■ **DIRECTIONS**:
In the records below, begin at the line containing "have even_rc : ~~" and end at the line containing "have notin_LU : (r, c) \notin LU."; quote every line in that span exactly, including both boundary lines, and no others.

■ **MATERIALS PROVIDED**:
Definition row_word s lo hi : seq (nat * pos) :=
  [seq (T s e, (s, e)) | e <- iota lo (hi - lo) & ~~ odd (T s e)].
Definition full_row_word s := row_word s (nth 0 mu s) (nth 0 lam s).
Definition rows_word lo n := flatten [seq full_row_word t | t <- rev (iota lo n)].
Definition word_before r c :=
  rows_word r.+1 (size lam - r.+1) ++ row_word r (nth 0 mu r) c.
Definition word_after r c := row_word r c.+1 (nth 0 lam r) ++ rows_word 0 r.

Lemma row_word_cat s lo m hi :
  lo <= m <= hi -> row_word s lo hi = row_word s lo m ++ row_word s m hi.
Proof.
move=> /andP[lo_m m_hi]; rewrite /row_word.
have -> : hi - lo = (m - lo) + (hi - m) by lia.
by rewrite iotaD subnKC // filter_cat map_cat.
Qed.

Lemma row_word1 s e :
  row_word s e e.+1 = if odd (T s e) then [::] else [:: (T s e, (s, e))].
Proof. by rewrite /row_word subSnn /=; case: (odd _). Qed.

Lemma mem_row_word x s lo hi : x \in row_word s lo hi ->
  x = (T s x.2.2, (s, x.2.2)) /\ lo <= x.2.2 < hi.
Proof.
by case/mapP=> e; rewrite mem_filter mem_iota => /andP[_ ?] ->; split=> //=; lia.
Qed.

Lemma mem_rows_word x lo n : x \in rows_word lo n ->
  [/\ lo <= x.2.1 < lo + n, box x.2 & x.1 = T x.2.1 x.2.2].
Proof.
case/flattenP=> _ /mapP[t + ->] /mem_row_word[-> bx].
by rewrite mem_rev mem_iota /in_box.
Qed.

Lemma reading_word_split r c : box (r, c) -> ~~ odd (T r c) ->
  reading_word lam mu T = word_before r c ++ (T r c, (r, c)) :: word_after r c.
Proof.
move=> brc even_rc; have r_lt := box_lt_size brc.
move: brc; rewrite /in_box /= => /andP[mu_c c_lam].
have -> : reading_word lam mu T = rows_word 0 (size lam) by [].
have -> : size lam = r + (size lam - r.+1).+1 by lia.
rewrite /rows_word iotaD add0n rev_cat [iota r _]/= rev_cons.
rewrite -cats1 !map_cat !flatten_cat /= cats0 /full_row_word.
rewrite (@row_word_cat r _ c) ?mu_c ?(ltnW c_lam) // (@row_word_cat r c c.+1) ?leqnSn //.
by rewrite row_word1 (negbTE even_rc) /word_before /word_after -!catA.
Qed.

Lemma notin_word_before a r c : (a, (r, c)) \notin word_before r c.
Proof.
by apply/negP; rewrite mem_cat => /orP[/mem_rows_word[+ _ _]|/mem_row_word[_ +]]; rewrite /=; lia.
Qed.

Lemma notin_word_after a r c : (a, (r, c)) \notin word_after r c.
Proof.
by apply/negP; rewrite mem_cat => /orP[/mem_row_word[_ +]|/mem_rows_word[+ _ _]]; rewrite /=; lia.
Qed.

Lemma leftmost_unbracketed i y l :
  rev (unbracketed_j i (reading_word lam mu T) [::]) = y :: l ->
  [/\ box y, T y.1 y.2 = unprimed i.+1, popped i (word_after y.1 y.2) = 0 &
      unbracketed_j i (word_before y.1 y.2) [::] = [::]].
Proof.
move=> rev_st.
have st_rcons : unbracketed_j i (reading_word lam mu T) [::] = rcons (rev l) y.
  by rewrite -rev_cons -rev_st revK.
have y_in : y \in rcons (rev l) y by rewrite mem_rcons mem_head.
have [L st_eq inL] := unbracketed_jE i (reading_word lam mu T) [::].
have yL : y \in L by move: y_in; rewrite -st_rcons st_eq cats0.
have [_ box_y Ty] := @mem_rows_word _ 0 (size lam) (allP inL y yL).
case: y box_y Ty {rev_st yL} st_rcons y_in => r c /= brc Ty.
have even_rc : ~~ odd (T r c) by rewrite -Ty odd_double.
rewrite (reading_word_split brc even_rc) unbracketed_j_cat /= -Ty eqxx.
have [LU -> inLU] := unbracketed_jE i (word_before r c) [::].
have [LV -> inLV] := unbracketed_jE i (word_after r c) ((r, c) :: LU ++ [::]).
have notin_LU : (r, c) \notin LU.
  by apply: contraNN (notin_word_before (unprimed i.+1) r c) => /(allP inLU).
have notin_LV : (r, c) \notin LV.
  by apply: contraNN (notin_word_after (unprimed i.+1) r c) => /(allP inLV).
rewrite cats0; case: (popped i _) => [|n] st_rcons y_in; last first.
  move: y_in; rewrite -st_rcons mem_cat (negbTE notin_LV) /= => /mem_drop.
  by rewrite (negbTE notin_LU).
split=> //; case: LU {inLU} notin_LU st_rcons => [//|x LU].
move=> + /(congr1 (last (r, c))); rewrite last_cat last_rcons /= => notin_xLU last_rc.
by rewrite -last_rc mem_last in notin_xLU.
Qed.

■ **OUTPUT FOR THIS TASK**:
have even_rc : ~~ odd (T r c) by rewrite -Ty odd_double.
rewrite (reading_word_split brc even_rc) unbracketed_j_cat /= -Ty eqxx.
have [LU -> inLU] := unbracketed_jE i (word_before r c) [::].
have [LV -> inLV] := unbracketed_jE i (word_after r c) ((r, c) :: LU ++ [::]).
have notin_LU : (r, c) \notin LU.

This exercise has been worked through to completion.